(* Let $\mathcal{M}=\langle S,\to,L\rangle$ be a labeled transition system, let $B\subseteq S\times S$ be a skipping simulation on $\mathcal{M}$, and let $s,w\in S$. Then every path (branch from the root) of the tree $\mathit{ranktCt}(\mathcal{M},s,w)$ is finite.
   Context: A labeled transition system is $\mathcal{M}=\langle S,\to,L\rangle$ where $S$ is a non-empty set of states, $\to\subseteq S\times S$ is left-total, and $L$ is a function with domain $S$. A fullpath is an infinite sequence $\sigma$ with $\sigma(i)\to\sigma(i+1)$ for all $i$; it starts at $\sigma(0)$. $w\to^{+}v$ means there is a finite path $w=v_0\to\cdots\to v_k=v$ with $k\ge1$. Let $\mathit{INC}$ be the set of strictly increasing infinite sequences of naturals starting at $0$. For a fullpath $\sigma$ and $\pi\in\mathit{INC}$ the $i$-th segment of $\sigma$ is $\sigma(\pi(i)),\dots,\sigma(\pi(i+1)-1)$. $\mathit{match}(B,\sigma,\delta)$ holds iff there exist $\pi,\xi\in\mathit{INC}$ such that for every $i$ and every state $x$ in the $i$-th segment of $\sigma$ w.r.t. $\pi$, $xB\delta(\xi(i))$. $B$ is a skipping simulation (SKS) iff for all $s,w$ with $sBw$: $L(s)=L(w)$, and for every fullpath $\sigma$ starting at $s$ there is a fullpath $\delta$ starting at $w$ with $\mathit{match}(B,\sigma,\delta)$. The computation tree $\mathit{ctree}(\mathcal{M},s)$ has as nodes finite sequences over $S$; it is the smallest tree such that $\langle s\rangle$ is the root, and if $\langle s,\dots,x\rangle$ is a node and $x\to y$ then $\langle s,\dots,x,y\rangle$ is a node whose parent is $\langle s,\dots,x\rangle$. For the SKS $B$: if not $sBw$, $\mathit{ranktCt}(\mathcal{M},s,w)$ is the empty tree; otherwise it is the largest subtree of $\mathit{ctree}(\mathcal{M},s)$ (containing the root) such that every non-root node $\langle s,\dots,x\rangle$ satisfies $xBw$ and, for all $v$ with $w\to^{+}v$, not $xBv$. *)

From Stdlib Require Import List Arith.
Import ListNotations.
Set Implicit Arguments.

Section LTS.
Variables (St : Type) (R : St -> St -> Prop) (Lbl : Type) (L : St -> Lbl).

Definition fullpath (sigma : nat -> St) : Prop :=
  forall i, R (sigma i) (sigma (S i)).

Definition INC (pi : nat -> nat) : Prop :=
  pi 0 = 0 /\ forall i, pi i < pi (S i).

Definition match_ (B : St -> St -> Prop) (sigma delta : nat -> St) : Prop :=
  exists pi xi, INC pi /\ INC xi /\
    forall i j, pi i <= j < pi (S i) -> B (sigma j) (delta (xi i)).

Definition SKS (B : St -> St -> Prop) : Prop :=
  forall s w, B s w ->
    L s = L w /\
    forall sigma, fullpath sigma -> sigma 0 = s ->
      exists delta, fullpath delta /\ delta 0 = w /\ match_ B sigma delta.

Definition tplus (w v : St) : Prop :=
  exists (k : nat) (f : nat -> St), 1 <= k /\ f 0 = w /\ f k = v /\
    forall i, i < k -> R (f i) (f (S i)).

Inductive ctree (s : St) : list St -> Prop :=
| ctree_root : ctree s [s]
| ctree_step : forall n x y, ctree s (n ++ [x]) -> R x y ->
    ctree s (n ++ [x] ++ [y]).

Definition is_subtree (s : St) (T : list St -> Prop) : Prop :=
  (forall n, T n -> ctree s n) /\ T [s] /\
  (forall n y, n <> [] -> T (n ++ [y]) -> T n).

Definition rank_cond (B : St -> St -> Prop) (w : St) (T : list St -> Prop) :=
  forall n x, n <> [] -> T (n ++ [x]) ->
    B x w /\ forall v, tplus w v -> ~ B x v.

(* ranktCt(M,s,w): empty if not sBw; otherwise the largest subtree of
   ctree(M,s) containing the root satisfying rank_cond, i.e. the union
   of all such subtrees. *)
Definition ranktCt (B : St -> St -> Prop) (s w : St) (n : list St) : Prop :=
  B s w /\ exists T, is_subtree s T /\ rank_cond B w T /\ T n.

Definition infinite_branch (T : list St -> Prop) (s : St) : Prop :=
  exists f : nat -> list St, f 0 = [s] /\
    forall k, T (f k) /\ exists y, f (S k) = f k ++ [y].

End LTS.

(* Along an infinite branch of ranktCt(M,s,w) the last states form a fullpath
   from s whose states after the root are all B-related to w but to no strict
   successor of w.  A skipping simulation matches this fullpath by one from w;
   the first state of the second segment lies at a position >= 1 and is related
   to a state of the matching path at a position >= 1, i.e. to a strict
   successor of w -- a contradiction. *)

From Stdlib Require Import List Lia.
Import ListNotations.
Set Implicit Arguments.

Lemma ctree_last_step (St : Type) (R : St -> St -> Prop) (s : St) (l : list St) :
  ctree R s l -> forall n x y, l = n ++ [x] ++ [y] -> R x y.
Proof.
  induction 1 as [|n0 x0 y0 _ _ Rxy]; intros n x y E.
  - destruct n as [|a [|b n]]; try destruct n; discriminate.
  - rewrite !app_assoc in E.
    apply app_inj_tail in E as [E Ey]; apply app_inj_tail in E as [_ Ex].
    now subst.
Qed.

Lemma fullpath_tplus (St : Type) (R : St -> St -> Prop) (d : nat -> St) (k : nat) :
  fullpath R d -> 1 <= k -> tplus R (d 0) (d k).
Proof. intros Hd Hk; now exists k, d. Qed.

Section SkippingSimulation.
Variables (St : Type) (R : St -> St -> Prop) (Lbl : Type) (L : St -> Lbl).
Variables (B : St -> St -> Prop) (HB : SKS R L B).

(* The second segment starts at pi 1 >= 1 and is matched to position xi 1 >= 1. *)
Lemma SKS_later_state_related_to_successor (s w : St) (sigma : nat -> St) :
  B s w -> fullpath R sigma -> sigma 0 = s ->
  exists j v, 1 <= j /\ tplus R w v /\ B (sigma j) v.
Proof.
  intros Bsw Hsigma S0.
  destruct (proj2 (HB Bsw) sigma Hsigma S0)
    as (delta & Hdelta & D0 & pi & xi & [P0 Ppi] & [X0 Xxi] & Hmatch).
  exists (pi 1), (delta (xi 1)); split; [|split].
  - specialize (Ppi 0); lia.
  - rewrite <- D0; apply fullpath_tplus; [exact Hdelta|specialize (Xxi 0); lia].
  - apply Hmatch; split; [lia|apply Ppi].
Qed.

End SkippingSimulation.

Lemma infinite_branch_states (St : Type) (R : St -> St -> Prop) (s : St)
  (T : list St -> Prop) :
  (forall n, T n -> ctree R s n) -> infinite_branch T s ->
  exists sigma, fullpath R sigma /\ sigma 0 = s /\
    forall k, exists n, n <> [] /\ T (n ++ [sigma (S k)]).
Proof.
  intros HTc (f & F0 & Hf).
  set (sigma k := last (f k) s).
  assert (Hsucc : forall k, f (S k) = f k ++ [sigma (S k)]).
  { intro k; unfold sigma; destruct (proj2 (Hf k)) as [y ->]; now rewrite last_last. }
  assert (Hlast : forall k, exists n, f k = n ++ [sigma k]).
  { intros [|k].
    - exists []; unfold sigma; now rewrite F0.
    - exists (f k); apply Hsucc. }
  exists sigma; split; [|split].
  - intro k; destruct (Hlast k) as [n En].
    apply (ctree_last_step (HTc _ (proj1 (Hf (S k)))) n).
    rewrite Hsucc, En, <- app_assoc; reflexivity.
  - unfold sigma; now rewrite F0.
  - intro k; exists (f k); split.
    + destruct (Hlast k) as [n ->]; now destruct n.
    + rewrite <- Hsucc; apply Hf.
Qed.

Section RankTree.
Variables (St : Type) (R : St -> St -> Prop) (B : St -> St -> Prop) (s w : St).

Lemma ranktCt_ctree (n : list St) : ranktCt R B s w n -> ctree R s n.
Proof. intros (_ & T & [Tc _] & _ & Tn); exact (Tc n Tn). Qed.

Lemma ranktCt_not_related_to_successor (n : list St) (x v : St) :
  n <> [] -> ranktCt R B s w (n ++ [x]) -> tplus R w v -> ~ B x v.
Proof. intros Hn (_ & T & _ & Hrank & Tn); exact (proj2 (Hrank n x Hn Tn) v). Qed.

End RankTree.

Theorem lemma1 (St : Type) (R : St -> St -> Prop) (Lbl : Type) (L : St -> Lbl)
  (Hne : inhabited St) (Htot : forall x, exists y, R x y)
  (B : St -> St -> Prop) (HB : SKS R L B) (s w : St) :
  ~ infinite_branch (ranktCt R B s w) s.
Proof.
  (* [Hne] and [Htot] are not needed: an infinite branch already supplies a fullpath. *)
  intros Hbranch.
  assert (Bsw : B s w) by (destruct Hbranch as (f & _ & Hf); apply (Hf 0)).
  destruct (infinite_branch_states (@ranktCt_ctree _ R B s w) Hbranch)
    as (sigma & Hsigma & S0 & Hnonroot).
  destruct (SKS_later_state_related_to_successor HB w Bsw Hsigma S0)
    as ([|j] & v & Hj & Hwv & Bjv); [lia|].
  destruct (Hnonroot j) as (n & Hn & Tn).
  exact (ranktCt_not_related_to_successor _ Hn Tn Hwv Bjv).
Qed.
(* Let $F$ be a $4$-regular graph, let $E\subseteq E(F)$ be based in $F$, and let $C$ be an oriented Euler system of $F$. Then $\Gamma_{E,C}$ is an integral cycle basis of $F-E$.
   Context: Graphs: $G=(V,H,E,\epsilon)$ with finite sets of vertices $V$ and half-edges $H$, a partition $E$ of $H$ into unordered pairs (edges), and $\epsilon:H\to V$; loops and multiple edges allowed. $G-E'$ deletes the edges of $E'$. $E'\subseteq E(G)$ is based in $G$ if it contains exactly one edge of each connected component of $G$. A directed version orders each edge as (tail, head). A directed single transition is an ordered pair of distinct half-edges incident with a common vertex. A closed walk is a sequence $((h_1,h_2),\dots,(h_{n-1},h_n))$ of directed single transitions with $\{h_2,h_3\},\{h_4,h_5\},\dots,\{h_n,h_1\}$ edges, up to cyclic shift. $\sigma(D,W)\in\mathbb Z^{E}$ counts, at each edge, traversals by $W$ along its direction in $D$ minus traversals against it. An oriented circuit is a nonempty closed walk in which each half-edge occurs at most once (vertices may repeat). The cycle space of $D$ is the right null space over $\mathbb Q$ of its vertex-edge incidence matrix. A cycle basis of $G$ is a set $B$ of closed walks such that the $\sigma(D,W)$, $W\in B$, are pairwise distinct and form a basis of the cycle space of $D$; it is integral if every $\sigma(D,W)$, $W$ a closed walk of $G$, lies in the $\mathbb Z$-span of $\{\sigma(D,W'):W'\in B\}$ (independent of $D$). $F$ is $4$-regular if every vertex is incident with exactly $4$ half-edges. An oriented Euler system of $F$ consists of one oriented Eulerian circuit (traversing every edge exactly once) for each connected component of $F$; it visits each vertex exactly twice. For a vertex $v$, the oriented circuit induced by $C$ at $v$ based on $E$ is the segment from $v$ back to $v$ of the oriented Eulerian circuit of the component of $v$ that does not traverse the edge of $E$ in that component, with the inherited orientation. $\Gamma_{E,C}$ is the set of all these oriented circuits, $v\in V(F)$. *)

From HB Require Import structures.
From mathcomp Require Import all_boot all_order all_algebra.
Set Implicit Arguments. Unset Strict Implicit. Unset Printing Implicit Defensive.
Import Order.TTheory GRing.Theory Num.Theory.

(* Graphs with half-edges.  A graph has a finite vertex type gV and a finite *)
(* edge type gE; the half-edges are the pairs (e, b), b : bool, so that the  *)
(* partition of the half-edges into edges is {(e,false),(e,true)}; geps is   *)
(* the incidence map epsilon : H -> V.  Loops and multiple edges allowed.   *)
Record graph := Graph { gV : finType; gE : finType; geps : (gE * bool)%type -> gV }.

Definition half (G : graph) := (gE G * bool)%type.
Definition opp (G : graph) (h : half G) : half G := (h.1, ~~ h.2).

Definition trans (G : graph) := (half G * half G)%type.
Definition is_transition (G : graph) (t : trans G) : bool :=
  (t.1 != t.2) && (geps t.1 == geps t.2).

(* A closed walk ((h1,h2),...,(h_{n-1},h_n)) is represented by the sequence *)
(* of its transitions; the cyclic linking condition says that the second    *)
(* half-edge of each transition and the first half-edge of the next one     *)
(* (cyclically) form an edge.  Cyclic shifts are represented by rot.        *)
Definition walk (G : graph) := seq (trans G).
Definition closed_walk (G : graph) (W : walk G) : bool :=
  all (@is_transition G) W &&
  all2 (fun t u => u.1 == opp t.2) W (rot 1 W).

(* the half-edges from which W leaves along an edge: the traversal after    *)
(* transition (a,b) goes from b to opp b                                    *)
Definition departures (G : graph) (W : walk G) : seq (half G) := map snd W.

Definition oriented_circuit (G : graph) (W : walk G) : bool :=
  [&& W != [::], closed_walk W & uniq (flatten [seq [:: t.1; t.2] | t <- W])].

Definition del (G : graph) (X : {set gE G}) : graph :=
  @Graph (gV G) {e : gE G | e \notin X} (fun h => geps (val h.1, h.2)).

(* Orientations, sigma, cycle space.  A directed version D of G is given by  *)
(* d : gE G -> bool: the edge e is ordered (tail, head) = ((e, d e),        *)
(* (e, ~~ d e)).                                                            *)
Local Open Scope ring_scope.

Definition sigma (G : graph) (d : gE G -> bool) (W : walk G) : {ffun gE G -> int} :=
  [ffun e => \sum_(h <- departures W | h.1 == e) (if h.2 == d e then 1 else -1)].

Definition sigmaQ (G : graph) (d : gE G -> bool) (W : walk G) : {ffun gE G -> rat} :=
  [ffun e => (sigma d W e)%:~R].

(* vertex-edge incidence matrix of D (column of a loop is zero) *)
Definition incidence (G : graph) (d : gE G -> bool) (v : gV G) (e : gE G) : rat :=
  (geps (e, ~~ d e) == v)%:R - (geps (e, d e) == v)%:R.

Definition in_cycle_space (G : graph) (d : gE G -> bool) (x : {ffun gE G -> rat}) : Prop :=
  forall v : gV G, \sum_(e : gE G) incidence d v e * x e = 0.

Definition basis_of_cycle_space (G : graph) (d : gE G -> bool) (I : finType)
  (s : I -> {ffun gE G -> rat}) : Prop :=
  [/\ forall i, in_cycle_space d (s i),
      forall c : I -> rat, (forall e, \sum_(i : I) c i * s i e = 0) -> forall i, c i = 0 &
      forall x, in_cycle_space d x -> exists c : I -> rat, forall e, x e = \sum_(i : I) c i * s i e].

(* cycle basis, given as a family of closed walks indexed by a finite type  *)
(* (pairwise distinct sigma-vectors = injectivity), for every orientation D *)
Definition cycle_basis (G : graph) (I : finType) (B : I -> walk G) : Prop :=
  (forall i, closed_walk (B i)) /\
  forall d : gE G -> bool,
    injective (fun i => sigma d (B i)) /\ basis_of_cycle_space d (fun i => sigmaQ d (B i)).

Definition integral (G : graph) (I : finType) (B : I -> walk G) : Prop :=
  forall d : gE G -> bool, forall W : walk G, closed_walk W ->
    exists c : I -> int, forall e, sigma d W e = \sum_(i : I) c i * sigma d (B i) e.

Definition integral_cycle_basis (G : graph) (I : finType) (B : I -> walk G) : Prop :=
  cycle_basis B /\ integral B.

Definition four_regular (G : graph) : Prop :=
  forall v : gV G, #|[set h : half G | geps h == v]| = 4%N.
(* For any positive integers $q,k,t$ there exists a constant $f(q,k,t)$ such that the following holds. Let $D=(V,A)$ be a Steiner rooted $k$-arc-connected directed graph with root $r$ and a set $S\subseteq V\setminus\{r\}$ of $t$ terminals. Let $\mathcal{C}$ be a family of pairwise vertex-disjoint directed cycles in $D$ with $|\mathcal{C}|\ge f(q,k,t)$ such that every $C\in\mathcal{C}$ is $s$-essential for every $s\in S$. Then there exist $C_1,\ldots,C_q\in\mathcal{C}$ such that for every $s\in S$, either $(C_1,\ldots,C_q)$ or $(C_q,\ldots,C_1)$ is an $s$-ordered sequence of directed cycles.
   Context: Let $D=(V,A)$ be a directed graph with root $r\in V$ and terminal set $S\subseteq V\setminus\{r\}$; it is Steiner rooted $k$-arc-connected if for every $s\in S$ there are $k$ pairwise arc-disjoint directed $r$-$s$ paths. For $s\in S$, a set $U\subseteq V$ is an $s$-cut if $r\in U$ and $s\notin U$; it is a tight $s$-cut if moreover the number of arcs leaving $U$ equals $k$. A set $U$ properly intersects a directed cycle $C$ if $V(C)\cap U\neq\emptyset$ and $V(C)\setminus U\neq\emptyset$. A directed cycle $C$ is $s$-essential if some tight $s$-cut properly intersects $C$. A sequence of directed cycles $(C_1,\ldots,C_q)$ is $s$-ordered if there exist tight $s$-cuts $U_1,\ldots,U_q$ such that $V(C_i)\subseteq U_j$ for all $i<j$, $V(C_i)\cap U_j=\emptyset$ for all $i>j$, and $U_i$ properly intersects $C_i$ for every $i$. *)

(* A digraph is a finite vertex type V, a finite arc type A
   (parallel arcs allowed) and maps tl/hd : A -> V giving tail and head. *)
From mathcomp Require Import all_boot.
Set Implicit Arguments. Unset Strict Implicit. Unset Printing Implicit Defensive.

Section Digraph.
Variables (V A : finType) (tl hd : A -> V).

Fixpoint is_walk (x y : V) (p : seq A) : bool :=
  match p with
  | [::] => x == y
  | a :: p' => (tl a == x) && is_walk (hd a) y p'
  end.

Definition dpath (x y : V) (p : seq A) : bool :=
  is_walk x y p && uniq (x :: map hd p).

Definition k_arc_disjoint_paths (k : nat) (r s : V) : Prop :=
  exists P : 'I_k -> seq A,
    (forall i, dpath r s (P i)) /\
    (forall i j, i != j -> [disjoint (P i) & (P j)]).

Definition steiner_rooted_k_arc_connected (k : nat) (r : V) (S : {set V}) : Prop :=
  forall s, s \in S -> k_arc_disjoint_paths k r s.

Definition out_deg (U : {set V}) : nat :=
  #|[set a : A | (tl a \in U) && (hd a \notin U)]|.

Definition s_cut (r s : V) (U : {set V}) : bool := (r \in U) && (s \notin U).

Definition tight_s_cut (k : nat) (r s : V) (U : {set V}) : bool :=
  s_cut r s U && (out_deg U == k).

Definition arc_rel : rel V := fun x y => [exists a : A, (tl a == x) && (hd a == y)].

Definition dcycle (c : seq V) : bool :=
  [&& c != [::], uniq c & cycle arc_rel c].

Definition properly_intersects (U : {set V}) (c : seq V) : bool :=
  has (fun v => v \in U) c && has (fun v => v \notin U) c.

Definition s_essential (k : nat) (r s : V) (c : seq V) : Prop :=
  exists U : {set V}, tight_s_cut k r s U && properly_intersects U c.

Definition s_ordered (k : nat) (r s : V) (C : seq (seq V)) : Prop :=
  exists U : nat -> {set V},
    (forall j, j < size C -> tight_s_cut k r s (U j)) /\
    (forall i j, i < j -> j < size C -> all (fun v => v \in U j) (nth [::] C i)) /\
    (forall i j, j < i -> i < size C -> all (fun v => v \notin U j) (nth [::] C i)) /\
    (forall i, i < size C -> properly_intersects (U i) (nth [::] C i)).

End Digraph.

(* For each terminal s fix, for every cycle C, a tight s-cut W_s(C) properly
   intersecting C, and colour an ordered pair (C, C') by the positions (inside,
   outside or across) of C' with respect to W_s(C) and of C with respect to
   W_s(C'), for all s at once.  An ordered Ramsey argument yields q + k cycles on
   which this colouring is constant.  A tight s-cut properly intersects at most k
   disjoint cycles, as each such cycle sends a distinct arc out of it; this rules
   out the position "across".  By submodularity of the out-degree, tight s-cuts
   are closed under union and intersection, so if every W_s(C) contained (resp.
   avoided) all the other cycles, the intersection (resp. union) of these cuts
   would be a tight s-cut properly intersecting all q + k cycles.  The two
   remaining patterns say precisely that the cycles, in one order or the other,
   are s-ordered by the cuts W_s(C). *)

From mathcomp Require Import all_boot zify.
Set Implicit Arguments. Unset Strict Implicit. Unset Printing Implicit Defensive.

Lemma card_le_of_disjoint_family (T I : finType) (F : I -> {set T}) (X : {set T}) :
  (forall i, F i != set0) -> (forall i j, i != j -> [disjoint F i & F j]) ->
  (forall i, F i \subset X) -> #|I| <= #|X|.
Proof.
move=> F_neq0 F_disj F_sub.
have cover_sub : \bigcup_i F i \subset X by apply/bigcupsP => i _; exact: F_sub.
apply: leq_trans (subset_leq_card cover_sub).
rewrite -sum1_card (partition_disjoint_bigcup addn (fun=> 1) F_disj) -sum1_card.
by apply: leq_sum => i _; rewrite sum1_card card_gt0.
Qed.

Section Pigeonhole.
Variables (K : finType) (T : Type) (f : T -> K).

Lemma size_sum_count s : size s = \sum_(a : K) count (fun x => f x == a) s.
Proof.
elim: s => [|x s IH] /=; first by rewrite big1.
by rewrite big_split /= -IH (bigD1 (f x)) //= eqxx big1 // => a /negbTE; rewrite eq_sym => ->.
Qed.

Lemma pigeonhole g s : #|K| * g < size s -> exists a, g < count (fun x => f x == a) s.
Proof.
move=> large; apply/existsP; apply: contraLR large; rewrite negb_exists => /forallP small.
rewrite -leqNgt size_sum_count -sum_nat_const.
by apply: leq_sum => a _; rewrite leqNgt small.
Qed.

□ □ □ □ □

_Required work_
Return, word for word, the lines of the data above from the line with "(Hne : inhabited" through the line with "(* Let $F$ be", inclusive.

_Completed exercise_
  (Hne : inhabited St) (Htot : forall x, exists y, R x y)
  (B : St -> St -> Prop) (HB : SKS R L B) (s w : St) :
  ~ infinite_branch (ranktCt R B s w) s.
Proof.
  (* [Hne] and [Htot] are not needed: an infinite branch already supplies a fullpath. *)
  intros Hbranch.
  assert (Bsw : B s w) by (destruct Hbranch as (f & _ & Hf); apply (Hf 0)).
  destruct (infinite_branch_states (@ranktCt_ctree _ R B s w) Hbranch)
    as (sigma & Hsigma & S0 & Hnonroot).
  destruct (SKS_later_state_related_to_successor HB w Bsw Hsigma S0)
    as ([|j] & v & Hj & Hwv & Bjv); [lia|].
  destruct (Hnonroot j) as (n & Hn & Tn).
  exact (ranktCt_not_related_to_successor _ Hn Tn Hwv Bjv).
Qed.
(* Let $F$ be a $4$-regular graph, let $E\subseteq E(F)$ be based in $F$, and let $C$ be an oriented Euler system of $F$. Then $\Gamma_{E,C}$ is an integral cycle basis of $F-E$.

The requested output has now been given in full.